My long train journeys gave me ample time and space to read and ponder over Herman Hesse’s Steppenwolf. In the author’s note, Herr Hesse notes that it was written when he was fifty and deals with problems of that age, and he sometimes receives odd reactions when it falls into the hands of very young readers. Now, I am far from fifty - should I be worried that I find the book so captivating and enchanting? And that every so often, I am tempted to say,”Ah, so true!”.

I am only about three quarters into the book, but I want to relish it slowly and ponder on some bits and pieces. The part I loved the most so far is in the “Treatise on Steppenwolf” where there is a discourse on how the notion of an individual is just a delusion. That the supposed unity of the self is just fiction, and that the self is in fact composed of a hundred or a thousand selves. And everyone’s life oscillates between innumerable poles.

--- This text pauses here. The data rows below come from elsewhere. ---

(* Let $G$ be a finite graph and let $k$ be an integer with $k>\chi(G)+1$. Then $G$ is determined up to isomorphism by the Kempe-recolouring graph $\mathcal{K}_k(G)$, even without knowing the value of $k$: if $G'$ is another finite graph and $k'>\chi(G')+1$ is an integer with $\mathcal{K}_k(G)\cong\mathcal{K}_{k'}(G')$, then $G\cong G'$.
   Context: All graphs are finite and simple. A $k$-colouring of $G$ is a map $c:V(G)\to\{1,\dots,k\}$ with $c(u)\neq c(v)$ for every edge $uv$. Given a $k$-colouring $c$, two distinct colours $i,j$, and a connected component $H$ of the subgraph of $G$ induced by $c^{-1}(\{i,j\})$, the Kempe swap on $H$ produces the colouring obtained from $c$ by exchanging colours $i$ and $j$ on the vertices of $H$. The $k$-Kempe-recolouring graph $\mathcal{K}_k(G)$ has as vertices all $k$-colourings of $G$, two distinct colourings being adjacent if and only if one is obtained from the other by a single Kempe swap. (Recolouring a single vertex to a colour absent from its neighbourhood is a special case, a trivial Kempe swap.) *)

From mathcomp Require Import all_boot.
Set Implicit Arguments. Unset Strict Implicit. Unset Printing Implicit Defensive.

Record graph := Graph {
  vert : finType;
  adj : rel vert;
  adj_sym : symmetric adj;
  adj_irr : irreflexive adj }.

Section Colourings.
Variable G : graph.
Local Notation V := (vert G).

(* proper k-colouring with colours 'I_k (i.e. {0,..,k-1} standing for {1,..,k}) *)
Definition proper (k : nat) (c : {ffun V -> 'I_k}) : bool :=
  [forall u, forall v, adj u v ==> (c u != c v)].

Definition colouring (k : nat) := {c : {ffun V -> 'I_k} | proper c}.

Definition colourable (k : nat) : bool := [exists c : {ffun V -> 'I_k}, proper c].
(* Let $d\ge2$, $k\ge1$, $U=U_1\times\cdots\times U_d$ with pairwise disjoint $U_i$, and $T\subseteq U$. Let $\mathbb F$ be a field of characteristic $2$ with $|\mathbb F|\ge N$. Let $f:\bigcup_{i=2}^dU_i\to\mathbb F$ be injective, and let $\chi(b)=(1,f(b),\dots,f(b)^{(d-1)k-1})\in\mathbb F^{(d-1)k}$. For $t\in T$ let $M_t=\chi(t[2])\wedge\cdots\wedge\chi(t[d])\in\Lambda(\mathbb F^{(d-1)k})$. Let $y_t$ ($t\in T$) and $z$ be indeterminates. For $a\in U_1$ let $Q_a=\sum_{t\in T:t[1]=a}M_ty_t$, and set $$P(z)=\prod_{a\in U_1}(1+zQ_a).$$ Then $P$ has $z$-degree at most $k$. Moreover, the coefficient of $z^ke_{[(d-1)k]}$ in $P(z)$ is a nonzero polynomial in the variables $\{y_t\}$ if and only if $T$ contains $k$ pairwise disjoint tuples.
   Context: $\Lambda(\mathbb F^{r})$ is the exterior algebra over $\mathbb F^r$ with basis $\{e_I:I\subseteq[r]\}$ and $e_{[r]}=e_1\wedge\cdots\wedge e_r$. Vectors are identified with degree-one elements. Since $\mathbb F$ has characteristic $2$, this algebra is commutative. Coefficients are taken in the polynomial ring $\mathbb F[\{y_t\}]$. Tuples $a,b\in U$ are disjoint if $a[i]\ne b[i]$ for all $i=1,\dots,d$. *)

From HB Require Import structures.
From mathcomp Require Import all_boot all_order all_algebra.
From mathcomp Require Import mpoly.
Set Implicit Arguments. Unset Strict Implicit. Unset Printing Implicit Defensive.
Import GRing.Theory.
Local Open Scope ring_scope.

(* Exterior algebra Lambda(R^r) over a commutative ring R, with basis e_I,
   I a subset of {0,..,r-1}; an element is its coordinate function. *)
Section Exterior.
Variables (R : comRingType) (r : nat).

Definition ext := {ffun {set 'I_r} -> R}.

(* e_I /\ e_J = ext_sign I J * e_(I u J) if I, J disjoint, 0 otherwise *)
Definition ext_sign (I J : {set 'I_r}) : R :=
  (-1) ^+ #|[set p : 'I_r * 'I_r | (p.1 \in I) && (p.2 \in J) && (p.2 < p.1)%N]|.

Definition ext_mul (u v : ext) : ext :=
  [ffun K => \sum_(I : {set 'I_r}) \sum_(J : {set 'I_r} | [disjoint I & J] && (I :|: J == K))
      ext_sign I J * u I * v J].

Definition ext_one : ext := [ffun K => (K == set0)%:R].
Definition ext_add (u v : ext) : ext := [ffun K => u K + v K].
Definition ext_scale (c : R) (u : ext) : ext := [ffun K => c * u K].
Definition ext_vec (v : 'I_r -> R) : ext :=
  [ffun K => \sum_(i : 'I_r | K == [set i]) v i].
(* the top basis element e_[r] corresponds to the coordinate at setT *)
End Exterior.

Section Construction.
Variables (d k : nat) (X : finType) (U : 'I_d -> {set X}) (F : fieldType)
  (T : {set {ffun 'I_d -> X}}) (f : X -> F).

(* one variable y_t for every d-tuple t (only those with t in T occur) *)
Definition nvars := #|{: {ffun 'I_d -> X}}|.
(* coefficient ring: polynomials in z over F[{y_t}] *)
Definition Coef := {poly {mpoly F[nvars]}}.
Definition yvar (t : {ffun 'I_d -> X}) : Coef := ('X_(enum_rank t))%:P.
Definition cst (c : F) : Coef := (c%:MP)%:P.

Definition rk := ((d - 1) * k)%N.

Definition chi (b : X) : 'I_rk -> Coef := fun j => cst (f b ^+ j).

(* M_t = chi(t[2]) /\ ... /\ chi(t[d])  (coordinates indexed from 0) *)
Definition Mt (t : {ffun 'I_d -> X}) : ext Coef rk :=
  \big[@ext_mul Coef rk / ext_one Coef rk]_(i : 'I_d | (0 < i)%N) ext_vec (chi (t i)).

(* first coordinate of a tuple (index 0) and the set U_1 *)
Definition first_is (t : {ffun 'I_d -> X}) (a : X) : bool :=
  [forall i : 'I_d, (nat_of_ord i == 0)%N ==> (t i == a)].
Definition U1 : {set X} := \bigcup_(i : 'I_d | nat_of_ord i == 0%N) U i.

Definition Qa (a : X) : ext Coef rk :=
  \big[@ext_add Coef rk / [ffun => 0]]_(t in T | first_is t a) ext_scale (yvar t) (Mt t).

(* P(z) = prod_{a in U_1} (1 + z Q_a); z is the polynomial variable 'X *)
Definition Pz : ext Coef rk :=
  \big[@ext_mul Coef rk / ext_one Coef rk]_(a in U1)
     ext_add (ext_one Coef rk) (ext_scale 'X (Qa a)).

End Construction.

Definition tuples_disjoint (d : nat) (X : finType) (a b : {ffun 'I_d -> X}) :=
  forall i : 'I_d, a i != b i.

From HB Require Import structures.
From mathcomp Require Import all_boot all_order all_algebra all_fingroup.
From mathcomp Require Import mpoly.
From mathcomp Require Import ring.
Set Implicit Arguments. Unset Strict Implicit. Unset Printing Implicit Defensive.
Import GRing.Theory.
Local Open Scope ring_scope.

(* The coefficient of z^j in P(z) = prod_a (1 + z Q_a) is the sum, over the
   j-subsets A of U_1, of prod_(a in A) Q_a.  Each Q_a is homogeneous of degree
   d-1 in the exterior algebra of a space of dimension (d-1)k, so these
   products vanish for j > k.  For j = k, expanding prod_(a in A) Q_a picks one
   tuple t_a with first coordinate a for every a in A; if two of them share a
   coordinate b, the product contains chi(b) /\ chi(b) = 0, so a nonzero top
   coefficient yields k pairwise disjoint tuples.  Conversely, for a disjoint
   family S, setting y_t := [t \in S] kills every term except the one for A =
   the first coordinates of S, whose e_[(d-1)k]-coordinate is a Vandermonde
   determinant in the (d-1)k distinct values f(t[i]), t in S, i >= 2. *)

Section CommExterior.
Variables (R : comNzRingType) (r : nat).

(* A copy of ext with the sign-free product.  It is commutative in any
   characteristic, hence a ring for free, and in characteristic 2 it coincides
   with ext_mul (ext_mulE). *)
Definition cext := ext R r.
HB.instance Definition _ := GRing.Zmodule.on cext.

Definition union_disjoint (I J K : {set 'I_r}) : bool :=
  (I :&: J == set0) && (I :|: J == K).

Definition cext_mul (u v : cext) : cext :=
  [ffun K => \sum_I \sum_J (union_disjoint I J K)%:R * (u I * v J)].

Lemma cext_mulC : commutative cext_mul.
Proof.
move=> u v; apply/ffunP => K; rewrite !ffunE exchange_big /=.
apply: eq_bigr => I _; apply: eq_bigr => J _.
by rewrite /union_disjoint setIC setUC [u _ * _]mulrC.
Qed.

Definition ext_scalar (c : R) : cext := [ffun K => (K == set0)%:R * c].

Lemma cext_mul_scalar c u : cext_mul (ext_scalar c) u = [ffun K => c * u K].
Proof.
apply/ffunP => K; rewrite !ffunE (bigD1 set0) //= [\sum_(I | I != set0) _]big1 => [|I nI].
  rewrite addr0 (bigD1 K) //= [\sum_(J | J != K) _]big1 => [|J nJ].
    by rewrite /union_disjoint set0U set0I !eqxx ffunE eqxx !mul1r addr0.
  by rewrite /union_disjoint set0U (negbTE nJ) andbF mul0r.
by apply: big1 => J _; rewrite ffunE (negbTE nI) !mul0r mulr0.
Qed.

Lemma cext_mul1 : left_id (ext_one R r) cext_mul.
Proof.
move=> u; have -> : ext_one R r = ext_scalar 1 by apply/ffunP => K; rewrite !ffunE mulr1.
by rewrite cext_mul_scalar; apply/ffunP => K; rewrite ffunE mul1r.
Qed.

Lemma cext_mulDl : left_distributive cext_mul +%R.
Proof.
move=> u v w; apply/ffunP => K; rewrite !ffunE -big_split; apply: eq_bigr => I _.
by rewrite -big_split; apply: eq_bigr => J _; rewrite ffunE !mulrDl mulrDr.
Qed.

Let union3_disjoint (A B C K : {set 'I_r}) : bool :=
  [&& A :&: B == set0, A :&: C == set0, B :&: C == set0 & A :|: B :|: C == K].

Let cext_mul3 (u v w : cext) K :=
  \sum_A \sum_B \sum_C (union3_disjoint A B C K)%:R * (u A * v B * w C).

Let cext_mul_mul3 u v w K : cext_mul u (cext_mul v w) K = cext_mul3 u v w K.
Proof.
rewrite !ffunE; apply: eq_bigr => A _.
transitivity (\sum_J \sum_B \sum_C
   ((union_disjoint A J K)%:R * (union_disjoint B C J)%:R * (u A * v B * w C))).
  apply: eq_bigr => J _; rewrite ffunE !big_distrr; apply: eq_bigr => B _ /=.
  by rewrite !big_distrr; apply: eq_bigr => C _ /=; ring.
rewrite exchange_big /=; apply: eq_bigr => B _.
rewrite exchange_big /=; apply: eq_bigr => C _.
rewrite -big_distrl /= (bigD1 (B :|: C)) //= big1 ?addr0 => [|J nJ]; last first.
  by rewrite /union_disjoint [B :|: C == J]eq_sym (negbTE nJ) andbF mulr0.
rewrite /union_disjoint /union3_disjoint eqxx andbT -natrM setIUr setU_eq0 setUA.
by case: (A :&: B == set0); case: (A :&: C == set0); case: (B :&: C == set0);
  case: (A :|: B :|: C == K).
Qed.

Let cext_mul3_rot u v w K : cext_mul3 u v w K = cext_mul3 w u v K.
Proof.
rewrite /cext_mul3; under eq_bigr do rewrite exchange_big.
rewrite exchange_big; apply: eq_bigr => C _; apply: eq_bigr => A _.
apply: eq_bigr => B _; rewrite /union3_disjoint; congr (_%:R * _); last by ring.
rewrite (setIC C A) (setIC C B) [C :|: A]setUC setUAC.
by case: (A :&: B == set0); case: (A :&: C == set0); case: (B :&: C == set0).
Qed.

Lemma cext_mulA : associative cext_mul.
Proof.
by move=> u v w; apply/ffunP => K; rewrite cext_mul_mul3 cext_mulC cext_mul_mul3 cext_mul3_rot.
Qed.

Lemma cext_one_neq0 : ext_one R r != 0 :> cext.
Proof. by apply/eqP => /ffunP /(_ set0); rewrite !ffunE eqxx; exact/eqP/oner_neq0. Qed.

HB.instance Definition _ := GRing.Zmodule_isComNzRing.Build cext
  cext_mulA cext_mulC cext_mul1 cext_mulDl cext_one_neq0.

Lemma cext_mulE (u v : cext) K :
  (u * v) K = \sum_I \sum_J (union_disjoint I J K)%:R * (u I * v J).
Proof. by rewrite ffunE. Qed.

Lemma ext_addE (u v : ext R r) : ext_add u v = (u : cext) + v.
Proof. by apply/ffunP => K; rewrite !ffunE. Qed.

Lemma big_ext_add (I : Type) (s : seq I) (P : pred I) (F : I -> ext R r) :
  \big[@ext_add R r/[ffun => 0]]_(i <- s | P i) F i = \sum_(i <- s | P i) (F i : cext).
Proof.
apply: (big_rec2 (fun (a : ext R r) (b : cext) => a = b)) => [|i y1 y2 _ ->].
  by apply/ffunP => K; rewrite !ffunE.
by rewrite ext_addE.
Qed.

Lemma ext_scalarME c (u : cext) K : (ext_scalar c * u) K = c * u K.
Proof. by rewrite -[LHS]/(cext_mul (ext_scalar c) u K) cext_mul_scalar ffunE. Qed.

Fact ext_scalar_is_nmod_morphism : nmod_morphism ext_scalar.
Proof. by split=> [|a b]; apply/ffunP => K; rewrite !ffunE ?mulr0 ?mulrDr. Qed.

Fact ext_scalar_is_monoid_morphism : monoid_morphism ext_scalar.
Proof.
split=> [|a b]; apply/ffunP => K; first by rewrite !ffunE mulr1.
by rewrite ext_scalarME !ffunE mulrCA.
Qed.

HB.instance Definition _ := GRing.isNmodMorphism.Build R cext ext_scalar
  ext_scalar_is_nmod_morphism.
HB.instance Definition _ := GRing.isMonoidMorphism.Build R cext ext_scalar
  ext_scalar_is_monoid_morphism.

Lemma ext_scaleE c (u : ext R r) : ext_scale c u = ext_scalar c * (u : cext).
Proof. by apply/ffunP => K; rewrite ext_scalarME ffunE. Qed.

Definition ext_basis (I : {set 'I_r}) : cext := [ffun K => (K == I)%:R].

Lemma ext_basisM I J :
  ext_basis I * ext_basis J = if I :&: J == set0 then ext_basis (I :|: J) else 0.
Proof.
apply/ffunP => K; rewrite cext_mulE (bigD1 I) //= [\sum_(I' | I' != I) _]big1; last first.
  by move=> I' nI; apply: big1 => J' _; rewrite ffunE (negbTE nI) mul0r mulr0.
rewrite addr0 (bigD1 J) //= [\sum_(J' | J' != J) _]big1 => [|J' nJ]; last first.
  by rewrite [ext_basis J J']ffunE (negbTE nJ) !mulr0.
rewrite !ffunE !eqxx !mulr1 addr0 /union_disjoint.
by case: ifP => _ /=; rewrite ?ffunE ?mul0r // eq_sym.
Qed.

Lemma ext_vecE (v : 'I_r -> R) :
  ext_vec v = \sum_i ext_scalar (v i) * ext_basis [set i] :> cext.
Proof.
apply/ffunP => K; rewrite ffunE sum_ffunE big_mkcond; apply: eq_bigr => i _.
by rewrite ext_scalarME ffunE; case: (K == [set i]); rewrite ?mulr1 ?mulr0.
Qed.

Lemma prod_ext_basis (I : Type) (s : seq I) (g : I -> 'I_r) :
  \prod_(j <- s) ext_basis [set g j] =
  if uniq (map g s) then ext_basis [set x in map g s] else 0.
Proof.
elim: s => [|x s IH].
  apply/ffunP => K; rewrite big_nil !ffunE.
  by congr (_ == _)%:R; apply/setP => y; rewrite !inE.
rewrite big_cons IH /=; case: ifP => _; last by rewrite andbF mulr0.
rewrite andbT ext_basisM setI_eq0 disjoints1 inE.
by case: ifP => _ //; congr ext_basis; apply/setP => y; rewrite !inE.
Qed.

End CommExterior.

Section Pchar2.
Variable R : comNzRingType.
Hypothesis pcharR2 : 2 \in [pchar R].

Lemma ext_sign_pchar2 r I J : @ext_sign R r I J = 1.
Proof. by rewrite /ext_sign oppr_pchar2 ?expr1n. Qed.

Lemma ext_mulE r (u v : ext R r) : ext_mul u v = (u : cext R r) * v.
Proof.
apply/ffunP => K; rewrite !ffunE; apply: eq_bigr => I _.
rewrite big_mkcond /=; apply: eq_bigr => J _.
rewrite ext_sign_pchar2 mul1r /union_disjoint setI_eq0.
by case: ifP; rewrite ?mul1r ?mul0r.
Qed.

Lemma big_ext_mul r (I : Type) (s : seq I) (P : pred I) (F : I -> ext R r) :
  \big[@ext_mul R r/ext_one R r]_(i <- s | P i) F i =
  \prod_(i <- s | P i) (F i : cext R r).
Proof. by elim/big_rec2: _ => [|i y1 y2 _ ->]; rewrite ?ext_mulE. Qed.

Lemma cext_pchar2 r : 2 \in [pchar cext R r].
Proof. exact: (rmorph_pchar (@ext_scalar R r)). Qed.

Lemma ext_vec_sqr r (v : 'I_r -> R) : (ext_vec v : cext R r) ^+ 2 = 0.
Proof.
rewrite ext_vecE -(pFrobenius_autE (cext_pchar2 r)) rmorph_sum big1 // => i _ /=.
rewrite pFrobenius_autE exprMn [ext_basis _ _ ^+ 2]expr2 ext_basisM setIid.
by case: ifP => [/eqP/setP/(_ i)|]; rewrite ?mulr0 // !inE eqxx.
Qed.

We all realise it to some extent in our lives. But often its hard to externalise such random thoughts into tangible words and arguments. Often one dismisses them as the musings of a mind in need of rest. To see them written in such an authoritative manner,in a well-revered time-tested book, is definitely reassuring.

More after I have finished the book. For now, I leave you with some food for thought from the treatise:

And if ever the suspicion of their manifold being dawns upon men of unusual powers and of unusually delicate perceptions, so that, as all genius must, they break through the illusion of the unity of the personality and perceive that the self is made up of a bundle of selves, they have only to say so and at once the majority puts them under lock and key, calls science to aid, establishes schizophrenia and protects humanity from the necessity of hearing the cry of truth from the lips of these unfortunate persons.